- Born: January 29, 1921 The Bronx, New York, U.S.
- Died: March 12, 1990 (aged 69) Rancho Santa Fe, California, U.S.
- Occupations: Businessman, sports team owner, racehorse owner/breeder
- Known for: Seattle SuperSonics, San Diego Chargers, Lady's Secret, Winning Colors
- Political party: Democratic (1942-1972) Republican (1972-1990)
- Board member of: National General Corp., Cedars-Sinai Medical Center, University of San Diego
- Spouse: Joyce F.
- Children: 2
- Honors: Eclipse Award for Outstanding Thoroughbred Owner (1985, 1986, 1987)

= Gene Klein =

American businessman (1921–1990)

Eugene Victor Klein (January 29, 1921 – March 12, 1990) was an American businessman who was chairman of the board of directors and chief stockholder of National General Corporation, an insurance and entertainment company based in Los Angeles, California. Klein was also a founding partner of the Seattle SuperSonics of the National Basketball Association (NBA), owner of the San Diego Chargers of the National Football League (NFL) from 1966 to 1984, and a major figure in Thoroughbred horse racing.

==Business career==
Born to a Jewish family in The Bronx, New York, Klein made his money and reputation in California where he owned a very successful used-car dealership. He was an investor in National Theaters and Television, Inc., which became National General Corp. When the company ran into severe financial difficulty, Klein stepped in to save his investment. As a member of the board of directors, he became actively involved in the company's restructuring and not only restored it to profitability but turned the company into an industry powerhouse. He would end up being appointed its president and chairman.

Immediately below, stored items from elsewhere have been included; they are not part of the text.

Record hom (A B : semiring) := Hom {
  hfun :> A -> B;
  hadd : forall x y, hfun (sadd x y) = sadd (hfun x) (hfun y);
  hzero : hfun szero = szero;
  hmul : forall x y, hfun (smul x y) = smul (hfun x) (hfun y)
}.

Record point (B : semiring) := Point {
  pA : semiring;
  pf : hom pA B;
  ps : hom B pA;
  psec : forall b, pf (ps b) = b
}.

Definition schreier (B : semiring) (P : point B) : Prop :=
  forall a : pA P, exists! alpha : pA P,
    pf P alpha = szero /\ a = sadd alpha (ps P (pf P a)).

Record ptmor (B : semiring) (P Q : point B) := PtMor {
  pm :> hom (pA P) (pA Q);
  pm_f : forall a, pf Q (pm a) = pf P a;
  pm_s : forall b, pm (ps P b) = ps Q b
}.

Section Pullback.
Variables (E B : semiring) (h : hom E B) (P : point B).

Definition pb_car : Type := { p : E * pA P | h (fst p) = pf P (snd p) }.

Lemma pb_sig_eq (x y : pb_car) : proj1_sig x = proj1_sig y -> x = y.
Proof.
  destruct x as [x hx], y as [y hy]; simpl; intros ->.
  f_equal; apply proof_irrelevance.
Qed.

Definition pb_add (x y : pb_car) : pb_car.
Proof.
  refine (exist _ (sadd (fst (proj1_sig x)) (fst (proj1_sig y)),
                   sadd (snd (proj1_sig x)) (snd (proj1_sig y))) _).
  destruct x as [[e a] hx], y as [[e' a'] hy]; simpl in *.
  rewrite hadd, hadd, hx, hy; reflexivity.
Defined.

Definition pb_mul (x y : pb_car) : pb_car.
Proof.
  refine (exist _ (smul (fst (proj1_sig x)) (fst (proj1_sig y)),
                   smul (snd (proj1_sig x)) (snd (proj1_sig y))) _).
  destruct x as [[e a] hx], y as [[e' a'] hy]; simpl in *.
  rewrite hmul, hmul, hx, hy; reflexivity.
Defined.

Definition pb_zero : pb_car.
Proof.
  refine (exist _ (szero, szero) _); simpl; rewrite hzero, hzero; reflexivity.
Defined.

Definition pb_semiring : semiring.
Proof.
  refine (@Semiring pb_car pb_add pb_zero pb_mul _ _ _ _ _ _ _ _);
  intros; apply pb_sig_eq; simpl;
  repeat match goal with x : pb_car |- _ => destruct x as [[? ?] ?] end; simpl;
  f_equal; auto using saddA, saddC, sadd0, smulA, smulDl, smulDr, smul0l, smul0r.
Defined.

Definition pb_proj : hom pb_semiring E.
Proof.
  refine (@Hom pb_semiring E (fun x => fst (proj1_sig x)) _ _ _); reflexivity.
Defined.

Definition pb_sec_fun (e : E) : pb_semiring.
Proof.
  refine (exist _ (e, ps P (h e)) _); simpl; rewrite psec; reflexivity.
Defined.

Definition pb_sec : hom E pb_semiring.
Proof.
  refine (@Hom E pb_semiring pb_sec_fun _ _ _); intros; apply pb_sig_eq; simpl;
  rewrite ?hadd, ?hzero, ?hmul; reflexivity.
Defined.

Definition pullback : point E := @Point E pb_semiring pb_proj pb_sec (fun e => eq_refl).

End Pullback.

Section PullbackMor.
Variables (E B : semiring) (h : hom E B) (P Q : point B) (g : ptmor P Q).

Definition pbm_fun (x : pb_car h P) : pb_car h Q.
Proof.
  refine (exist _ (fst (proj1_sig x), g (snd (proj1_sig x))) _).
  destruct x as [[e a] hx]; simpl; rewrite pm_f; exact hx.
Defined.

Definition pbm_hom : hom (pA (pullback h P)) (pA (pullback h Q)).
Proof.
  refine (@Hom (pA (pullback h P)) (pA (pullback h Q)) pbm_fun _ _ _);
  intros; apply pb_sig_eq; simpl; rewrite ?hadd, ?hzero, ?hmul; reflexivity.
Defined.

Definition pullback_mor : ptmor (pullback h P) (pullback h Q).
Proof.
  refine (@PtMor _ (pullback h P) (pullback h Q) pbm_hom _ _).
  - intros; reflexivity.
  - intros e; apply pb_sig_eq; simpl; rewrite pm_s; reflexivity.
Defined.

End PullbackMor.

(** h^* : SPt_B -> SPt_E has a right adjoint, stated via universal arrows
    (couniversal arrows from h^* to each object D of SPt_E): for each Schreier
    point D over E there is a Schreier point G over B and a counit
    eps : h^*(G) -> D such that every morphism f : h^*(C) -> D with C Schreier
    factors as eps o h^*(g) for a unique g : C -> G.  Morphisms are compared
    pointwise. *)
Definition has_right_adjoint_S (E B : semiring) (h : hom E B) : Prop :=
  forall D : point E, schreier D ->
  exists (G : point B) (HG : schreier G) (eps : ptmor (pullback h G) D),
    forall (C : point B), schreier C ->
    forall f : ptmor (pullback h C) D,
      exists g : ptmor C G,
        (forall x, eps (pullback_mor h g x) = f x) /\
        (forall g' : ptmor C G,
           (forall x, eps (pullback_mor h g' x) = f x) ->
           forall a, g' a = g a).

(* For a Schreier point D = (A, f, s) over E, every a in A splits uniquely as
   a = kappa(a) + s f(a) with f kappa(a) = 0.  Choosing a section k of h, the
   right adjoint of h^* sends D to the subsemiring of A of those a with
   f a = k h f a whose kernel part is multiplied by s(e), on either side,
   in a way depending only on h(e); it is a Schreier point over B with
   projection h f and section s k.  The counit h^*G -> D is
   (e, a) |-> kappa(a) + s(e), which is multiplicative exactly because of
   that invariance, and a morphism F : h^*C -> D transposes to
   c |-> F(k f c, c). *)
From Stdlib Require Import ProofIrrelevance IndefiniteDescription.

Set Implicit Arguments.

Lemma sig_eq (T : Type) (P : T -> Prop) (x y : {t | P t}) :
  proj1_sig x = proj1_sig y -> x = y.
Proof. destruct x, y; simpl; intros ->; f_equal; apply proof_irrelevance. Qed.

Lemma sadd0r {S : semiring} (x : S) : sadd x szero = x.
Proof. rewrite saddC; apply sadd0. Qed.

Lemma saddACA {S : semiring} (a b c d : S) :
  sadd (sadd a b) (sadd c d) = sadd (sadd a c) (sadd b d).
Proof. rewrite <- !saddA; f_equal; rewrite !saddA; f_equal; apply saddC. Qed.

Definition hcomp (R S T : semiring) (g : hom S T) (f : hom R S) : hom R T.
Proof.
  refine (@Hom R T (fun x => g (f x)) _ _ _); intros;
  rewrite ?hadd, ?hzero, ?hmul; reflexivity.
Defined.

Section SubSemiring.
Variables (S : semiring) (P : S -> Prop).
Hypotheses (P0 : P szero)
  (PD : forall x y, P x -> P y -> P (sadd x y))
  (PM : forall x y, P x -> P y -> P (smul x y)).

In 1969, National General Corp acquired Great American Holding Corp., owner of the Great American Insurance Company. In 1973 they merged to become American Financial Group.

==Politics==
A long-time Democratic Party supporter, Klein helped finance Pierre Salinger in his 1964 election campaign for the United States Senate. When Salinger lost, Klein hired him as National General's vice president in charge of advertising. In 1972, Klein left the Democratic party to support the 1972 presidential candidacy of the incumbent Republican, Richard Nixon.

==Sports franchise investments==
On December 20, 1966, Klein and business associate Sam Schulman, plus a group of minority investors, obtained the National Basketball Association franchise for the city of Seattle, Washington. Schulman would be the active partner, serving as president of the basketball team and head of operations. Prior to this, Klein and Schulman had already made a major investment in sports following the June 1966 announcement of the merger of the American Football League and the National Football League. On August 25 they led a group of investors who purchased the San Diego Chargers for $10 million, at the time, a record price for a National Football League franchise. The majority owner, Klein served as the team's president and head of operations.

During his time with the Chargers football club, Klein became involved in a much publicized feud with Al Davis, the then managing general partner of the Oakland Raiders. Their differences resulted in a lawsuit in which a San Diego Superior Court jury held Davis responsible for a heart attack Klein suffered in 1981. The verdict was overturned on appeal.

While he was the owner of the San Diego Chargers in the mid-1970s he hired coach Don "Air" Coryell and assembled a team that kept people engaged with the Chargers because of the high scoring offense. During this time the Chargers offense had three future Hall of Fame inductees with Dan Fouts as quarterback, Kellen Winslow at tight end, and Charlie Joiner at wide receiver. Other notable receivers were All-Pros John Jefferson and later Wes Chandler. The city became highly engrossed in the franchise and pro football led all professional sports teams in the area; the baseball team and basketball team did not compete in their respective sports to nearly at the same level during this era. The Chargers won AFC West division titles in 1979-1981 and also made the playoffs in 1982. In 1980 and 1981, they reached the AFC Championship game but lost both times and never advanced to the Super Bowl under Klein.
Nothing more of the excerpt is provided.